◆ TASK REQUIREMENTS: In the entries below, find the line containing "assert (Hprod : (0 < d1 * d2 * d3)%Z).". Copy it and all lines after it, exactly, through the end.

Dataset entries

━━━━

(* Let $e_1,e_2,e_3$ be nonzero integers with $e_1+e_2+e_3=0$, let $n$ be a positive integer, and let $\Lambda=(d_1,d_2,d_3)$ be a triple of nonzero square-free integers with $d_1d_2d_3$ a square. Then $D^{(n)}_\Lambda(\mathbb{R})\neq\emptyset$ if and only if all of the following hold: $d_1>0$ if $e_2>0,e_3<0$; $d_2>0$ if $e_3>0,e_1<0$; $d_3>0$ if $e_1>0,e_2<0$.
   Context: $D^{(n)}_\Lambda$ is the curve in $\mathbb{P}^3$ with coordinates $(t,u_1,u_2,u_3)$ defined by the three equations $e_1nt^2+d_2u_2^2-d_3u_3^2=0$, $e_2nt^2+d_3u_3^2-d_1u_1^2=0$, $e_3nt^2+d_1u_1^2-d_2u_2^2=0$ (the 2-covering of $y^2=x(x-e_1n)(x+e_2n)$ attached to $\Lambda$). *)

From Stdlib Require Import Reals ZArith.
Open Scope R_scope.

Definition squarefree (d : Z) : Prop :=
  forall m : Z, Z.divide (m * m)%Z d -> Z.abs m = 1%Z.

Definition is_square (d : Z) : Prop := exists k : Z, d = (k * k)%Z.

Definition D_eqs (e1 e2 e3 n d1 d2 d3 : Z) (t u1 u2 u3 : R) : Prop :=
  IZR e1 * IZR n * t^2 + IZR d2 * u2^2 - IZR d3 * u3^2 = 0 /\
  IZR e2 * IZR n * t^2 + IZR d3 * u3^2 - IZR d1 * u1^2 = 0 /\
  IZR e3 * IZR n * t^2 + IZR d1 * u1^2 - IZR d2 * u2^2 = 0.

(* D^{(n)}_Lambda(R) is nonempty: there is a point of P^3(R), i.e. a nonzero
   real 4-tuple (up to scaling, irrelevant since the equations are
   homogeneous), satisfying the equations. *)
Definition D_real_nonempty (e1 e2 e3 n d1 d2 d3 : Z) : Prop :=
  exists t u1 u2 u3 : R,
    (t <> 0 \/ u1 <> 0 \/ u2 <> 0 \/ u3 <> 0) /\
    D_eqs e1 e2 e3 n d1 d2 d3 t u1 u2 u3.

From Stdlib Require Import Reals ZArith Lra Lia.
Open Scope R_scope.

(* Put T = n t^2 >= 0 and a_i = d_i u_i^2; the equations read
   e_1 T = a_3 - a_2, e_2 T = a_1 - a_3, e_3 T = a_2 - a_1.  As d_1 d_2 d_3 is a
   nonzero square, either every d_i is positive or exactly one is.  If
   e_2 > 0 > e_3 and d_1 < 0, then a_1 <= 0 while a_2 >= 0 or a_3 >= 0, and the
   equations force T = a_1 = a_2 = a_3 = 0: only the zero point remains.
   Conversely, at t = 1 the solutions are a = (s, s + e_3 n, s - e_2 n), and under
   the stated conditions some integer s gives each a_i the sign of d_i, so that
   u_i = sqrt (a_i / d_i) is a real point. *)

Lemma sign_obstruction (E2 E3 T A B C : R) :
  0 < E2 -> E3 < 0 -> 0 <= T -> A <= 0 -> (0 <= B \/ 0 <= C) ->
  E2 * T + C - A = 0 -> E3 * T + A - B = 0 ->
  T = 0 /\ A = 0 /\ B = 0 /\ C = 0.
Proof.
  intros HE2 HE3 HT HA [HB | HC] Eq2 Eq3.
  - assert (T0 : T = 0) by nra. subst T. lra.
  - assert (T0 : T = 0) by nra. subst T. lra.
Qed.

Lemma eq0_of_scaled_square (c x : R) : c <> 0 -> c * x ^ 2 = 0 -> x = 0.
Proof.
  intros Hc H. apply Rmult_integral in H as [H | H]; [contradiction | nra].
Qed.

Lemma exists_scaled_square (c a : R) : c <> 0 -> 0 <= a * c -> exists x, c * x ^ 2 = a.
Proof.
  intros Hc Hac. exists (sqrt (a / c)).
  assert (Hq : 0 <= a / c).
  { replace (a / c) with (a * c * / (c * c)) by (field; exact Hc).
    apply Rmult_le_pos; [exact Hac |].
    apply Rlt_le, Rinv_0_lt_compat. destruct (Rlt_dec 0 c); nra. }
  rewrite pow2_sqrt by exact Hq. field. exact Hc.
Qed.

Lemma D_real_nonempty_rotate (e1 e2 e3 n d1 d2 d3 : Z) :
  D_real_nonempty e1 e2 e3 n d1 d2 d3 -> D_real_nonempty e2 e3 e1 n d2 d3 d1.
Proof.
  intros (t & u1 & u2 & u3 & Hnz & Eq1 & Eq2 & Eq3).
  exists t, u2, u3, u1. split; [tauto |]. unfold D_eqs. lra.
Qed.

Lemma pos_of_square_neq0 (m : Z) : is_square m -> m <> 0%Z -> (0 < m)%Z.
Proof. intros [k ->] Hk. nia. Qed.

Lemma pos_d1_of_real_point (e1 e2 e3 n d1 d2 d3 : Z) :
  (0 < n)%Z -> d1 <> 0%Z -> d2 <> 0%Z -> d3 <> 0%Z -> (0 < d1 * d2 * d3)%Z ->
  D_real_nonempty e1 e2 e3 n d1 d2 d3 -> (0 < e2)%Z -> (e3 < 0)%Z -> (0 < d1)%Z.
Proof.
  intros Hn Hd1 Hd2 Hd3 Hprod (t & u1 & u2 & u3 & Hnz & _ & Eq2 & Eq3) He2 He3.
  destruct (Z_lt_le_dec 0 d1) as [| Hd1neg]; [assumption | exfalso].
  assert (Hother : (0 < d2)%Z \/ (0 < d3)%Z) by nia.
  apply IZR_lt in Hn, He2, He3.
  assert (Hd1R : IZR d1 < 0) by (apply IZR_lt; lia).
  destruct (sign_obstruction (IZR e2) (IZR e3) (IZR n * t ^ 2)
              (IZR d1 * u1 ^ 2) (IZR d2 * u2 ^ 2) (IZR d3 * u3 ^ 2))
    as (T0 & A0 & B0 & C0); try nra.
  { destruct Hother as [H | H]; apply IZR_lt in H; [left | right]; nra. }
  apply eq0_of_scaled_square in T0, A0, B0, C0; try lra; apply not_0_IZR; assumption.
Qed.

Lemma D_real_nonempty_of_values (e1 e2 e3 n d1 d2 d3 a1 a2 a3 : Z) :
  d1 <> 0%Z -> d2 <> 0%Z -> d3 <> 0%Z ->
  (0 <= a1 * d1)%Z -> (0 <= a2 * d2)%Z -> (0 <= a3 * d3)%Z ->
  (e1 * n = a3 - a2)%Z -> (e2 * n = a1 - a3)%Z -> (e3 * n = a2 - a1)%Z ->
  D_real_nonempty e1 e2 e3 n d1 d2 d3.
Proof.
  intros Hd1 Hd2 Hd3 Ha1 Ha2 Ha3 Eq1 Eq2 Eq3.
  apply not_0_IZR in Hd1, Hd2, Hd3.
  apply IZR_le in Ha1, Ha2, Ha3. rewrite mult_IZR in Ha1, Ha2, Ha3.
  apply (f_equal IZR) in Eq1, Eq2, Eq3. rewrite mult_IZR, minus_IZR in Eq1, Eq2, Eq3.
  destruct (exists_scaled_square _ _ Hd1 Ha1) as [u1 Hu1].
  destruct (exists_scaled_square _ _ Hd2 Ha2) as [u2 Hu2].
  destruct (exists_scaled_square _ _ Hd3 Ha3) as [u3 Hu3].
  exists 1, u1, u2, u3. split; [left; lra |].
  unfold D_eqs. rewrite Hu1, Hu2, Hu3. lra.
Qed.

Lemma D_real_nonempty_of_offset (e1 e2 e3 n d1 d2 d3 s : Z) :
  (e1 + e2 + e3)%Z = 0%Z -> d1 <> 0%Z -> d2 <> 0%Z -> d3 <> 0%Z ->
  (0 <= s * d1)%Z -> (0 <= (s + e3 * n) * d2)%Z -> (0 <= (s - e2 * n) * d3)%Z ->
  D_real_nonempty e1 e2 e3 n d1 d2 d3.
Proof.
  intros Hsum Hd1 Hd2 Hd3 Hs1 Hs2 Hs3.
  apply (D_real_nonempty_of_values _ _ _ _ _ _ _ s (s + e3 * n) (s - e2 * n));
    auto; nia.
Qed.

Lemma sign_patterns_of_pos_product (d1 d2 d3 : Z) :
  d1 <> 0%Z -> d2 <> 0%Z -> d3 <> 0%Z -> (0 < d1 * d2 * d3)%Z ->
  ((0 < d1 /\ 0 < d2 /\ 0 < d3) \/ (0 < d1 /\ d2 < 0 /\ d3 < 0) \/
   (d1 < 0 /\ 0 < d2 /\ d3 < 0) \/ (d1 < 0 /\ d2 < 0 /\ 0 < d3))%Z.
Proof.
  intros Hd1 Hd2 Hd3 Hprod.
  destruct (Z_lt_le_dec 0 d1), (Z_lt_le_dec 0 d2), (Z_lt_le_dec 0 d3); nia.
Qed.

Theorem lemma2p4 (e1 e2 e3 n d1 d2 d3 : Z) :
  e1 <> 0%Z -> e2 <> 0%Z -> e3 <> 0%Z -> (e1 + e2 + e3)%Z = 0%Z ->
  (0 < n)%Z ->
  d1 <> 0%Z -> d2 <> 0%Z -> d3 <> 0%Z ->
  squarefree d1 -> squarefree d2 -> squarefree d3 ->
  is_square (d1 * d2 * d3)%Z ->
  (D_real_nonempty e1 e2 e3 n d1 d2 d3 <->
   (((0 < e2)%Z /\ (e3 < 0)%Z -> (0 < d1)%Z) /\
    ((0 < e3)%Z /\ (e1 < 0)%Z -> (0 < d2)%Z) /\
    ((0 < e1)%Z /\ (e2 < 0)%Z -> (0 < d3)%Z))).
Proof.
  intros He1 He2 He3 Hsum Hn Hd1 Hd2 Hd3 _ _ _ Hsq.
  assert (Hprod : (0 < d1 * d2 * d3)%Z).
  { apply pos_of_square_neq0; [exact Hsq | lia]. }
  split.
  - intros HD. pose proof (D_real_nonempty_rotate _ _ _ _ _ _ _ HD) as HD'.
    pose proof (D_real_nonempty_rotate _ _ _ _ _ _ _ HD') as HD''.
    repeat split; intros [Hpos Hneg].
    + apply (pos_d1_of_real_point e1 e2 e3 n d1 d2 d3); auto.
    + apply (pos_d1_of_real_point e2 e3 e1 n d2 d3 d1); auto; lia.
    + apply (pos_d1_of_real_point e3 e1 e2 n d3 d1 d2); auto; lia.
  - intros Hcond.
    destruct (sign_patterns_of_pos_product d1 d2 d3 Hd1 Hd2 Hd3 Hprod)
      as [Hs | [Hs | [Hs | Hs]]].
    + apply (D_real_nonempty_of_offset _ _ _ _ _ _ _ (n * (Z.abs e2 + Z.abs e3)));
        auto; nia.
    + apply (D_real_nonempty_of_offset _ _ _ _ _ _ _ 0); auto; nia.
    + apply (D_real_nonempty_of_offset _ _ _ _ _ _ _ (- (e3 * n))); auto; nia.
    + apply (D_real_nonempty_of_offset _ _ _ _ _ _ _ (e2 * n)); auto; nia.
Qed.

━━━━

◆ SOLUTION FOR THIS EXERCISE:
  assert (Hprod : (0 < d1 * d2 * d3)%Z).
  { apply pos_of_square_neq0; [exact Hsq | lia]. }
  split.
  - intros HD. pose proof (D_real_nonempty_rotate _ _ _ _ _ _ _ HD) as HD'.
    pose proof (D_real_nonempty_rotate _ _ _ _ _ _ _ HD') as HD''.
    repeat split; intros [Hpos Hneg].
    + apply (pos_d1_of_real_point e1 e2 e3 n d1 d2 d3); auto.
    + apply (pos_d1_of_real_point e2 e3 e1 n d2 d3 d1); auto; lia.
    + apply (pos_d1_of_real_point e3 e1 e2 n d3 d1 d2); auto; lia.
  - intros Hcond.
    destruct (sign_patterns_of_pos_product d1 d2 d3 Hd1 Hd2 Hd3 Hprod)
      as [Hs | [Hs | [Hs | Hs]]].
    + apply (D_real_nonempty_of_offset _ _ _ _ _ _ _ (n * (Z.abs e2 + Z.abs e3)));
        auto; nia.
    + apply (D_real_nonempty_of_offset _ _ _ _ _ _ _ 0); auto; nia.
    + apply (D_real_nonempty_of_offset _ _ _ _ _ _ _ (- (e3 * n))); auto; nia.
    + apply (D_real_nonempty_of_offset _ _ _ _ _ _ _ (e2 * n)); auto; nia.
Qed.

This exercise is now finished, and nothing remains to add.